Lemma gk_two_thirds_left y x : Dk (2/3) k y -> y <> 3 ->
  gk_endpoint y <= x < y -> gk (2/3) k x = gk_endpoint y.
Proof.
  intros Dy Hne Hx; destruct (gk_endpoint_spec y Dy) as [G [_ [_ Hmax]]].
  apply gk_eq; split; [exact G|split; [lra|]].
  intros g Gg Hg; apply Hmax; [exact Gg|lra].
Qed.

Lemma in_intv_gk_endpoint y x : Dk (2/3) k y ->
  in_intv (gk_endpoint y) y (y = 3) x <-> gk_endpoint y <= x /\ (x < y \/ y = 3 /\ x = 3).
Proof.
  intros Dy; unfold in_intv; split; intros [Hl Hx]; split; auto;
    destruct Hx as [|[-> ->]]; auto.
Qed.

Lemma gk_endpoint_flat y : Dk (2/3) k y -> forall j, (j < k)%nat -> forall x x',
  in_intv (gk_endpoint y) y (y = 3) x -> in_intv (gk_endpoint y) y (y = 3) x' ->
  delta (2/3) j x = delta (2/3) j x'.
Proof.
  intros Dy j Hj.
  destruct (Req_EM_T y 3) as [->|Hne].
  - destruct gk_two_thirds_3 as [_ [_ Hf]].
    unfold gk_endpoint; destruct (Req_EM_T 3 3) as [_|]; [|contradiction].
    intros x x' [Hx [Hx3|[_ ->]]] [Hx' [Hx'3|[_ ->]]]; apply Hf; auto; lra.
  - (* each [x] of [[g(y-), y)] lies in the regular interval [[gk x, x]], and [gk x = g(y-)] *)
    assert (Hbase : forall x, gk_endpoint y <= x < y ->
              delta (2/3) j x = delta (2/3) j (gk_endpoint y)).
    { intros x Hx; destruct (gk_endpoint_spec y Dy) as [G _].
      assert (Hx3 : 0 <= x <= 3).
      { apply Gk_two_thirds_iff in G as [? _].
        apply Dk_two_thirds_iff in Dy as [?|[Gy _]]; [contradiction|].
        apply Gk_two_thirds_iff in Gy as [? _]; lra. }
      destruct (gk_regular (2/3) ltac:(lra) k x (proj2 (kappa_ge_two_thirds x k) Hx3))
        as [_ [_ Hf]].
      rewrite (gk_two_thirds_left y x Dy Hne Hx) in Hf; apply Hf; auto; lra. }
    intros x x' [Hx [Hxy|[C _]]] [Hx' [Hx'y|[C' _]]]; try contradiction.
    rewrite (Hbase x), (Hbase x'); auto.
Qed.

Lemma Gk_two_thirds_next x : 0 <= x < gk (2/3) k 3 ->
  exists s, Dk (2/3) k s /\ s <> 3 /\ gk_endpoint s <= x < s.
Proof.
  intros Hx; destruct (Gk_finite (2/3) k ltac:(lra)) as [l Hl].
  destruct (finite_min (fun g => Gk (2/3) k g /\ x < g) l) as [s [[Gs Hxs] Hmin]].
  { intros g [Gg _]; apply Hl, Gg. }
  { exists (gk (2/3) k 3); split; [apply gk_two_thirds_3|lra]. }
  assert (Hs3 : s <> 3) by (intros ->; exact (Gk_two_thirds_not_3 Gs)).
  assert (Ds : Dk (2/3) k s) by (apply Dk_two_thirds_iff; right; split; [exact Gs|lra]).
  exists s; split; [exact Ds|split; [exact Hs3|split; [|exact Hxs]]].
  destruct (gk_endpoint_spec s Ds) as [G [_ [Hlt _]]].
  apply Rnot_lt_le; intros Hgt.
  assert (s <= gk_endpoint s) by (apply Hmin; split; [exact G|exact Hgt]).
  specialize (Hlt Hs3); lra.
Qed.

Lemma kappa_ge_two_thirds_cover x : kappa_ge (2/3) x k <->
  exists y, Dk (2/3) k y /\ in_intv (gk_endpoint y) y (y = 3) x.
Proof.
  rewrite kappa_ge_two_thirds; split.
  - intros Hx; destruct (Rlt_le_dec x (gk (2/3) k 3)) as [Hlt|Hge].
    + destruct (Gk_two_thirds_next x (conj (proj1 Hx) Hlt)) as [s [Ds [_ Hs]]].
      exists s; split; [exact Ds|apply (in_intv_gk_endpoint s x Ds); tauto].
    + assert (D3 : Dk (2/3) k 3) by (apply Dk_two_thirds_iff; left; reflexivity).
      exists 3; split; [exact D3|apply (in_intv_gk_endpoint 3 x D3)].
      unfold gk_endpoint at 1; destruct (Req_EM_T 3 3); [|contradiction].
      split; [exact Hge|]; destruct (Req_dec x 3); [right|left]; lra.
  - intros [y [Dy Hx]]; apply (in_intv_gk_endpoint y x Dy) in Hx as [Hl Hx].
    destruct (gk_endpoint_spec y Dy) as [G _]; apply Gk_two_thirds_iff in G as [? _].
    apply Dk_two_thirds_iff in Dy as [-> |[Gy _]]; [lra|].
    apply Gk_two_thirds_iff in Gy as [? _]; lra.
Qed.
---
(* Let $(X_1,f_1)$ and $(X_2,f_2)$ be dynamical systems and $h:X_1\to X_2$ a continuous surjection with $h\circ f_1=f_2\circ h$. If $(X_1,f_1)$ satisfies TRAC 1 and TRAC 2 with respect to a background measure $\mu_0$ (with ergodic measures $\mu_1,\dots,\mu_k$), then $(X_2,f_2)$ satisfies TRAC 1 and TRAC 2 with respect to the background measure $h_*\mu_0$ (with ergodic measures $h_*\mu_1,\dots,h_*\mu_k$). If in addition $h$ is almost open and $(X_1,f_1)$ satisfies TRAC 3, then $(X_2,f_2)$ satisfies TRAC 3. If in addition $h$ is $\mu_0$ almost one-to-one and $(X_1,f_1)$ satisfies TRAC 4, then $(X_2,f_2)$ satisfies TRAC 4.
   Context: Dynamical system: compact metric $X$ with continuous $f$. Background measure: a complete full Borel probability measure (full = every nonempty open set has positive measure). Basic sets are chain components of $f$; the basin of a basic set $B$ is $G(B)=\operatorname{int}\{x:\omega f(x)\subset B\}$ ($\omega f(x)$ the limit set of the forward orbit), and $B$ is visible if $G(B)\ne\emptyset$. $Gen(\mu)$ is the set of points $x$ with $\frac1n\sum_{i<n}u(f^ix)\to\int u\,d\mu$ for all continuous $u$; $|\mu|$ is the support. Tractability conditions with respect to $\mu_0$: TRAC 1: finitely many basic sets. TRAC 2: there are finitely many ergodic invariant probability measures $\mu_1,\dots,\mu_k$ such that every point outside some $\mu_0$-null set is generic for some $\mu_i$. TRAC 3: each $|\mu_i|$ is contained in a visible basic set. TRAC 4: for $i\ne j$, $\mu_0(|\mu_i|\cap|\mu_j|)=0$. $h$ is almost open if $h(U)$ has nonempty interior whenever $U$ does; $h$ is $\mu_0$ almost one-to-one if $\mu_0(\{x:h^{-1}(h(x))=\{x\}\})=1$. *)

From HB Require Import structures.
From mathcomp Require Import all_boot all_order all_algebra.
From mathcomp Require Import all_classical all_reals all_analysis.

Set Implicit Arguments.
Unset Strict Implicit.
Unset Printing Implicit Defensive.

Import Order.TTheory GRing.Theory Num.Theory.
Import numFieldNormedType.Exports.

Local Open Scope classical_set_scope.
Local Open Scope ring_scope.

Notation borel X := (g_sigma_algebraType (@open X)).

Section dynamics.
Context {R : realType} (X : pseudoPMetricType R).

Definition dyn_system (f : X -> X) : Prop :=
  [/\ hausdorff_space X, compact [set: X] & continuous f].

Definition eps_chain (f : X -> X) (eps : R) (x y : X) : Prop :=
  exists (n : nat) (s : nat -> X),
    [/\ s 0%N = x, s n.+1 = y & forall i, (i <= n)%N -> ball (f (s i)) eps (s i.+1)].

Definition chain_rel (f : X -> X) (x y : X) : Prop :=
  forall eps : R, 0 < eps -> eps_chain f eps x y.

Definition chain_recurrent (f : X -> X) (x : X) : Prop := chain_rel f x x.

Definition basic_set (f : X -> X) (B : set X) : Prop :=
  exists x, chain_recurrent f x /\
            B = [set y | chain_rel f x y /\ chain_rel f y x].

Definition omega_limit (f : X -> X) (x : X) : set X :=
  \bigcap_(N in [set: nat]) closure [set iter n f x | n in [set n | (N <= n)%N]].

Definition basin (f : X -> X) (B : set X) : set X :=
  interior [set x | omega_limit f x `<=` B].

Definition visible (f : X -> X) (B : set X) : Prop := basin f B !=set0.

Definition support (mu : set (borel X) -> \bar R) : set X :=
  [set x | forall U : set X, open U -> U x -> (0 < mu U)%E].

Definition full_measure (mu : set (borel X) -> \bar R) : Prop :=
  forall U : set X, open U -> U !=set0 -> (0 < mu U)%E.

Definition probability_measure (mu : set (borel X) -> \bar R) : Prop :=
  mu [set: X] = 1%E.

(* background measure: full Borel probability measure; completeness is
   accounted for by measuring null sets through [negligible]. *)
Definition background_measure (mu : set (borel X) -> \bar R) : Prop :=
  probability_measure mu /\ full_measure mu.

EXERCISE PROMPT.
Scan the listing above for the word "contradiction" and show each line where it is found.

RESULT OF THE TASK.
    unfold gk_endpoint; destruct (Req_EM_T 3 3) as [_|]; [|contradiction].
        apply Dk_two_thirds_iff in Dy as [?|[Gy _]]; [contradiction|].
    intros x x' [Hx [Hxy|[C _]]] [Hx' [Hx'y|[C' _]]]; try contradiction.
      unfold gk_endpoint at 1; destruct (Req_EM_T 3 3); [|contradiction].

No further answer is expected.